My buckets use versioning, and I don't think I see this issue... which could imply that buckets with versioning enabled use different internal logic inside S3... different logic that coincidentally mediates the behavior.
@ggtakec commented on GitHub (May 6, 2017):
@sqlbot Thanks for your kindness.
Yes, the #582 patch does not solve this problem.
It only avoided the problem that s3fs did not judge the content of the response body.
It is unclear yet why the zero byte file is the essence of this problem.
If @alexeits can reproduce the phenomenon with a new code, he can drop the error body log, so we want that log.
@ggtakec commented on GitHub (May 7, 2017):
@alexeits
Do you use SSE(use_sse option) for this problem?
I fixed codes about rename bug with SSE at #585.
I got error on this bug case, it was 0 byte files are made.
If you can, please use latest codes in master branch.
Regards,
@alexeits commented on GitHub (May 8, 2017):
Thank you @sqlbot and @ggtakec.

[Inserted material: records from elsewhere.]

Lemma is_RInt_pinfty_sqr_phi : is_RInt_pinfty (fun s => s ^ 2 * phi s) (/ 2).
Proof.
  destruct (ex_RInt_pinfty_pow_phi 2) as [m Hm].
  split; [apply Hm |].
  assert (Hd : forall s, is_derive (fun s => - s * phi s) s (s ^ 2 * phi s - phi s)).
  { intros s; unfold phi; auto_derive; [auto |].
    replace (- s ^ 2 / 2) with (- (s * (s * 1)) * / 2) by field; field.
    apply Rgt_not_eq, sqrt_2PI_pos. }
  assert (Hc : forall x, continuous (fun s => s ^ 2 * phi s - phi s) x).
  { intros x; apply continuous_minus_R; [apply continuous_mult_R |]; try apply phi_continuous.
    apply continuous_pow_R, continuous_id. }
  apply is_lim_ext with (f := fun b => RInt phi 0 b - b * phi b).
  - intros b.
    assert (Hex : ex_RInt phi 0 b) by (apply ex_RInt_continuous_R; intros; apply phi_continuous).
    assert (E : - b * phi b = RInt (fun s => s ^ 2 * phi s - phi s) 0 b).
    { rewrite (is_RInt_derive_R (fun s => - s * phi s));
      [cbv beta; ring | intros; apply Hd | intros; apply Hc]. }
    rewrite (RInt_ext_R (fun s => s ^ 2 * phi s) (fun s => (s ^ 2 * phi s - phi s) + phi s))
      by (intros; ring).
    rewrite RInt_plus_R, <- E by (auto; apply ex_RInt_continuous_R; auto); ring.
  - replace (Finite (/ 2)) with (Finite (/ 2 - 0)) by (f_equal; ring).
    apply is_lim_minus'; [apply is_RInt_pinfty_phi |].
    destruct (pow_phi_bounded 2) as [C HC].
    apply is_lim_pinfty_intro; intros eps He; exists (Rmax 0 (C / eps)); intros x Hx.
    assert (Hx0 := Rle_lt_trans _ _ _ (Rmax_l _ _) Hx).
    assert (HxC := Rle_lt_trans _ _ _ (Rmax_r _ _) Hx).
    specialize (HC x); rewrite Rabs_right in HC by lra.
    assert (Hp := phi_pos x).
    rewrite Rminus_0_r, Rabs_right by nra.
    assert (C < eps * x).
    { apply Rmult_lt_reg_r with (/ eps); [apply Rinv_0_lt_compat; lra |].
      replace (eps * x * / eps) with x by (field; lra); exact HxC. }
    simpl in HC; nra.
Qed.

(** * The Gaussian tail [Q] and the function [xi] *)

Lemma Q_eq x : Q x = / 2 - RInt phi 0 x.
Proof. unfold Q; rewrite (RInt_gen_tail phi (/ 2)); auto using is_RInt_pinfty_phi, phi_continuous. Qed.

Lemma Q_derive x : is_derive Q x (- phi x).
Proof.
  apply is_derive_ext with (f := fun y => / 2 - RInt phi 0 y); [intros; symmetry; apply Q_eq |].
  replace (- phi x) with (0 - phi x) by ring.
  apply is_derive_minus_R; [auto_derive; auto | apply is_derive_RInt_R, phi_continuous].
Qed.

Lemma Q_opp x : Q (- x) = 1 - Q x.
Proof.
  rewrite !Q_eq, <- RInt_even_reflect by (auto using phi_continuous, phi_even).
  rewrite <- (opp_RInt_swap (V:=R_CompleteNormedModule))
    by (apply ex_RInt_continuous_R; intros; apply phi_continuous).
  change (/ 2 - - RInt phi 0 x = 1 - (/ 2 - RInt phi 0 x)); lra.
Qed.

Lemma RInt_phi_bounds x : 0 <= x -> 0 <= RInt phi 0 x <= Rmin (/ 2) (phi 0 * x).
Proof.
  intros Hx.
  assert (Hex : ex_RInt phi 0 x) by (apply ex_RInt_continuous_R; intros; apply phi_continuous).
  split; [apply RInt_ge_0; auto; intros; left; apply phi_pos |].
  apply Rmin_glb.
  - apply RInt_le_is_RInt_pinfty; auto using is_RInt_pinfty_phi; intros; left; apply phi_pos.
  - apply Rle_trans with (RInt (fun _ => phi 0) 0 x); [| rewrite RInt_const_R; lra].
    apply RInt_le; auto using ex_RInt_const; intros; apply phi_le_phi0.
Qed.

Lemma is_lim_Q : is_lim Q p_infty 0.
Proof.
  apply is_lim_ext with (f := fun y => / 2 - RInt phi 0 y); [intros; symmetry; apply Q_eq |].
  replace (Finite 0) with (Finite (/ 2 - / 2)) by (f_equal; ring).
  apply is_lim_minus'; [apply is_lim_const | apply is_RInt_pinfty_phi].
Qed.

(* [Q - phi / (1 + .)] is nonincreasing on [[0, +oo)] (its derivative is [- x phi x / (1 + x)^2])
   and tends to 0. *)
Lemma phi_div_le_Q x : 0 <= x -> phi x / (1 + x) <= Q x.
Proof.
  intros Hx; set (H := fun y => Q y - phi y / (1 + y)).
  assert (Hd : forall y, 0 <= y -> is_derive H y (- y * phi y / (1 + y) ^ 2)).
  { intros y Hy.
    assert (Hf : is_derive (fun y => phi y / (1 + y)) y (- y * phi y / (1 + y) - phi y / (1 + y) ^ 2)).
    { unfold phi; auto_derive; [lra |].
      replace (- y ^ 2 / 2) with (- (y * (y * 1)) * / 2) by field; field.
      split; apply Rgt_not_eq; [apply sqrt_2PI_pos | lra]. }
    replace (- y * phi y / (1 + y) ^ 2)
      with (- phi y - (- y * phi y / (1 + y) - phi y / (1 + y) ^ 2)) by (field; lra).
    apply is_derive_minus_R; [apply Q_derive | exact Hf]. }
  assert (Hmono : forall y, x < y -> H y <= H x).
  { intros y Hy.
    destruct (MVT_gen H x y (fun t => - t * phi t / (1 + t) ^ 2)) as [c [Hc E]].
    - intros t Ht; rewrite Rmin_left, Rmax_right in Ht by lra; apply Hd; lra.
    - intros t Ht; rewrite Rmin_left, Rmax_right in Ht by lra.
      eapply continuity_pt_of_is_derive, Hd; lra.
    - rewrite Rmin_left, Rmax_right in Hc by lra.
      assert (0 <= c * phi c / (1 + c) ^ 2 * (y - x)).
      { apply Rmult_le_pos; [| lra]; apply Rdiv_le_0_compat; [| apply pow_lt; lra].
        apply Rmult_le_pos; [lra | left; apply phi_pos]. }
      unfold Rdiv in *; nra. }
  assert (Hlim : is_lim H p_infty 0).
  { replace (Finite 0) with (Finite (0 - 0)) by (f_equal; ring).
    apply is_lim_minus'; [apply is_lim_Q |].
    apply is_lim_le_le_loc with (fun _ => 0) (fun y => phi 0 * / (1 + y)).
    - exists 0; intros y Hy; split.
      + apply Rdiv_le_0_compat; [left; apply phi_pos | lra].
      + apply Rmult_le_compat; [left; apply phi_pos | left; apply Rinv_0_lt_compat; lra | |].
        * apply phi_le_phi0.
        * apply Rle_refl.
    - apply is_lim_const.
    - replace (Finite 0) with (Rbar_mult (phi 0) 0) by (simpl; f_equal; ring).
      apply is_lim_scal_l, is_lim_pinfty_inv_shift. }
  assert (0 <= H x); [| unfold H in *; lra].
  apply (is_lim_le_loc H (fun _ => H x) p_infty 0 (H x)); [| exact Hlim | apply is_lim_const].
  exists x; intros y Hy; apply Hmono, Hy.
Qed.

We do use SSE (use_sse=1). I'll get and deploy the latest fixes.
I'm going to close the issue because it's possible that it was fixed in #585. It's very rare in our environment and getting a definitive confirmation of a fix could take a long time.
@ggtakec commented on GitHub (May 9, 2017):
@alexeits If this problem seems to happen again, please reopen this issue.
Regards,